The aortic arch, arch of the aorta, or transverse aortic arch ( OED 2nd edition, 1989, as . Entry "aortic" in Merriam-Webster Online Dictionary.) is the part of the aorta between the ascending aorta and descending aorta. The arch travels backward, so that it ultimately runs to the left of the trachea.
The aortic arch has three main branches on its superior aspect. The first, and largest, branch of the arch of the aorta is the brachiocephalic trunk, which is to the right and slightly anterior to the other two branches and originates behind the manubrium of the sternum. Next, the left common carotid artery originates from the aortic arch to the left of the brachiocephalic trunk, then ascends along the left side of the trachea and through the superior mediastinum. Finally, the left subclavian artery comes off of the aortic arch to the left of the left common carotid artery and ascends, with the left common carotid, through the superior mediastinum and along the left side of the trachea. An anatomical variation is that the left vertebral artery can arise from the aortic arch instead of the left subclavian artery.
The arch of the aorta forms two curvatures: one with its convexity upward, the other with its convexity forward and to the left. Its upper border is usually about 2.5 cm below the superior border to the manubrium sterni.
Coming out of the heart, the thoracic aorta has a maximum diameter of 40 mm at the root. By the time it becomes the ascending aorta, the diameter should be <35–38 mm, and 30 mm at the arch. The diameter of the descending aorta should not exceed 25 mm.
The arch of the aorta lies within the mediastinum.
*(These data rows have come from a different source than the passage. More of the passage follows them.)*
Definition nehari_bound (R : realFieldType) (p q theta alpha b A B : R) : R :=
  - ((q - p) * (p + alpha - 1) / (q * p * (1 - alpha))) * A
  - b * ((q - p * theta) * (p * theta + alpha - 1) / (q * p * theta * (1 - alpha))) * B.

Lemma J_lt_nehari_bound (R : realFieldType) (p q theta alpha b lambda A B C F : R) :
  1 < p -> 1 < theta -> 0 < alpha < 1 -> p * theta < q ->
  A + b * B - C - lambda * q * F = 0 ->
  0 < (p - 1) * A + b * (p * theta - 1) * B + alpha * C - lambda * q * (q - 1) * F ->
  p^-1 * A + b / (p * theta) * B - (1 - alpha)^-1 * C - lambda * F
    < nehari_bound p q theta alpha b A B.
Proof.
move=> p_gt1 theta_gt1 /andP[alpha_gt0 alpha_lt1] ptheta_lt_q phi1_eq0 phi2_gt0.
have ptheta_gt_p : p < p * theta by rewrite ltr_pMr ?(lt_trans ltr01).
have lambdaF : lambda * F = (A + b * B - C) / q.
  rewrite (_ : A + b * B - C = lambda * q * F); last by lra.
  by field; rewrite gt_eqF //; lra.
rewrite -subr_gt0 (_ : _ - _ = ((q + alpha - 1) * C - (q - p) * A - b * (q - p * theta) * B)
    / (q * (1 - alpha))).
  apply: divr_gt0; last by apply: mulr_gt0; lra.
  rewrite (_ : _ - _ = ((p - 1) * A + b * (p * theta - 1) * B + alpha * C
     - lambda * q * (q - 1) * F) - (q - 1) * (A + b * B - C - lambda * q * F)); last by ring.
  by rewrite phi1_eq0 mulr0 subr0.
rewrite /nehari_bound lambdaF; field.
by rewrite !gt_eqF //; lra.
Qed.

Lemma nehari_bound_lt0 (R : realFieldType) (p q theta alpha b A B : R) :
  1 < p -> 1 < theta -> 0 < alpha < 1 -> p * theta < q ->
  0 < b -> 0 <= A -> 0 < B -> nehari_bound p q theta alpha b A B < 0.
Proof.
move=> p_gt1 theta_gt1 /andP[alpha_gt0 alpha_lt1] ptheta_lt_q b_gt0 A_ge0 B_gt0.
have ptheta_gt_p : p < p * theta by rewrite ltr_pMr ?(lt_trans ltr01).
have cA : 0 <= (q - p) * (p + alpha - 1) / (q * p * (1 - alpha)).
  by rewrite divr_ge0 // !mulr_ge0 //; lra.
have cB : 0 < (q - p * theta) * (p * theta + alpha - 1) / (q * p * theta * (1 - alpha)).
  by rewrite divr_gt0 // !mulr_gt0 //; lra.
have := mulr_ge0 cA A_ge0; have := mulr_gt0 (mulr_gt0 b_gt0 cB) B_gt0.
rewrite /nehari_bound; lra.
Qed.

Lemma nehari_plus_C_gt0 (R : realFieldType) (p q theta alpha b lambda A B C F : R) :
  1 < p -> 1 < theta -> 0 < alpha < 1 -> p * theta < q ->
  0 < b -> 0 <= A -> 0 <= B ->
  A + b * B - C - lambda * q * F = 0 ->
  0 < (p - 1) * A + b * (p * theta - 1) * B + alpha * C - lambda * q * (q - 1) * F ->
  0 < C.
Proof.
move=> p_gt1 theta_gt1 /andP[alpha_gt0 alpha_lt1] ptheta_lt_q b_gt0 A_ge0 B_ge0 phi1_eq0.
have ptheta_gt_p : p < p * theta by rewrite ltr_pMr ?(lt_trans ltr01).
rewrite (_ : _ - _ = (p - q) * A + b * (p * theta - q) * B + (alpha + q - 1) * C
    + (q - 1) * (A + b * B - C - lambda * q * F)); last by ring.
rewrite phi1_eq0 mulr0 addr0 => phi2_gt0.
have : (p - q) * A <= 0 by rewrite mulr_le0_ge0 //; lra.
have : b * (p * theta - q) * B <= 0 by rewrite mulr_le0_ge0 // mulr_ge0_le0 //; lra.
have : 0 < alpha + q - 1 by lra.
move=> /pmulr_rgt0 <-; lra.
Qed.
(* Let $\delta,\kappa,a,\alpha>0$ and $\varphi\in(-\pi/2,\pi/2)$; put $d=2\pi\delta$, $\gamma=[-d,d]$, $\Gamma=\kappa\cos\varphi$, $q_0=\dfrac{2\pi\delta\kappa}{\cos\varphi}$. Let $\varepsilon^{(L)}:\gamma\to\mathbb{C}$ be continuous and write $\varepsilon^{(L)}(z)-1=\varepsilon_1(z)\exp[i\varepsilon_2(z)]$ with $\varepsilon_1,\varepsilon_2$ continuous, $\varepsilon_1(z)\ge1$ and $0\le\varepsilon_2(z)<\pi/2$ on $\gamma$; let $E_1=\max_{z\in\gamma}\varepsilon_1(z)=\max_{z\in\gamma}|\varepsilon^{(L)}(z)-1|$. Assume $$0<E_1q_0<1,\qquad \alpha<\alpha_0^{(1)}:=\frac{4}{27}\,\frac{1}{a^2}\,\frac{(1-E_1q_0)^3}{q_0}.$$ Then $P_K^{(1)}(p)=\alpha q_0p^3-(1-E_1q_0)p+a$ has two positive zeros $p_1^{(1)}<p_2^{(1)}$. Let $p\in(p_1^{(1)},p_2^{(1)})$ satisfy $$t_1:=q_0\bigl(E_1+3\alpha p^2\bigr)<1,$$ and assume $0<\alpha<\min\{\alpha_0^{(1)},\alpha_1^{(1)}\}$ with $\alpha_1^{(1)}=\frac13\bigl[q_0(1-E_1q_0)\bigr]^{-1}$. Then the operator $T$ maps $\bar S_p=\{U\in C(\gamma):\|U\|\le p\}$ into itself and $\|T(U)-T(V)\|\le t_1\|U-V\|$ for all $U,V\in\bar S_p$.
   Context: $C(\gamma)$ is the Banach space of continuous complex-valued functions on $\gamma$ with norm $\|U\|=\max_{z\in\gamma}|U(z)|$. The operator $T:C(\gamma)\to C(\gamma)$ is $$T(U)(z)=a\,e^{-i\Gamma(z-d)}-\frac{i\kappa^2}{2\Gamma}\int_{-d}^{d}e^{i\Gamma|z-z_0|}\Bigl[1-\varepsilon^{(L)}(z_0)-\alpha|U(z_0)|^2\Bigr]U(z_0)\,dz_0,$$ whose fixed points are the solutions of the integral equation $(\ast)$: $U(z)+\frac{i\kappa^2}{2\Gamma}\int_{-d}^{d}e^{i\Gamma|z-z_0|}[1-(\varepsilon^{(L)}(z_0)+\alpha|U(z_0)|^2)]U(z_0)dz_0=a e^{-i\Gamma(z-d)}$, $z\in\gamma$ (here with a complex-valued, i.e. lossy, permittivity $\varepsilon^{(L)}$). *)

From Stdlib Require Import Reals Lra ClassicalEpsilon.
Open Scope R_scope.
At the cellular level, the aorta and the aortic arch are composed of three layers: The tunica intima, which surrounds the lumen and is composed of simple squamal epithelial cells; the tunica media, composed of smooth cell muscles and elastic fibers; and, the Tunica externa, composed of loose collagen fibers. Innervated by baroreceptors nerve terminals, the aortic arch is responsible for sensing changes in the dilation of the vascular walls, inducing changes in heart rate to compensate for changes in blood pressure.
The ductus arteriosus connects to the lower part of the arch in foetal life. This allows blood from the right ventricle to mostly bypass the pulmonary vessels as they develop.
The final section of the aortic arch is known as the aortic isthmus. This is so called because it is a narrowing (isthmus) of the aorta as a result of decreased blood flow when in foetal life. As the left ventricle of the heart increases in size throughout life, the narrowing eventually dilates to become a normal size. If this does not occur, this can result in coarctation of the aorta.
Aortopexy is a surgical procedure in which the aortic arch is fixed to the sternum in order to keep the trachea open.
Aortic isthmus is the relatively fixed part of the aortic arch. It is prone to shearing force and trauma that can cause it to Aortic rupture and result in massive bleeding.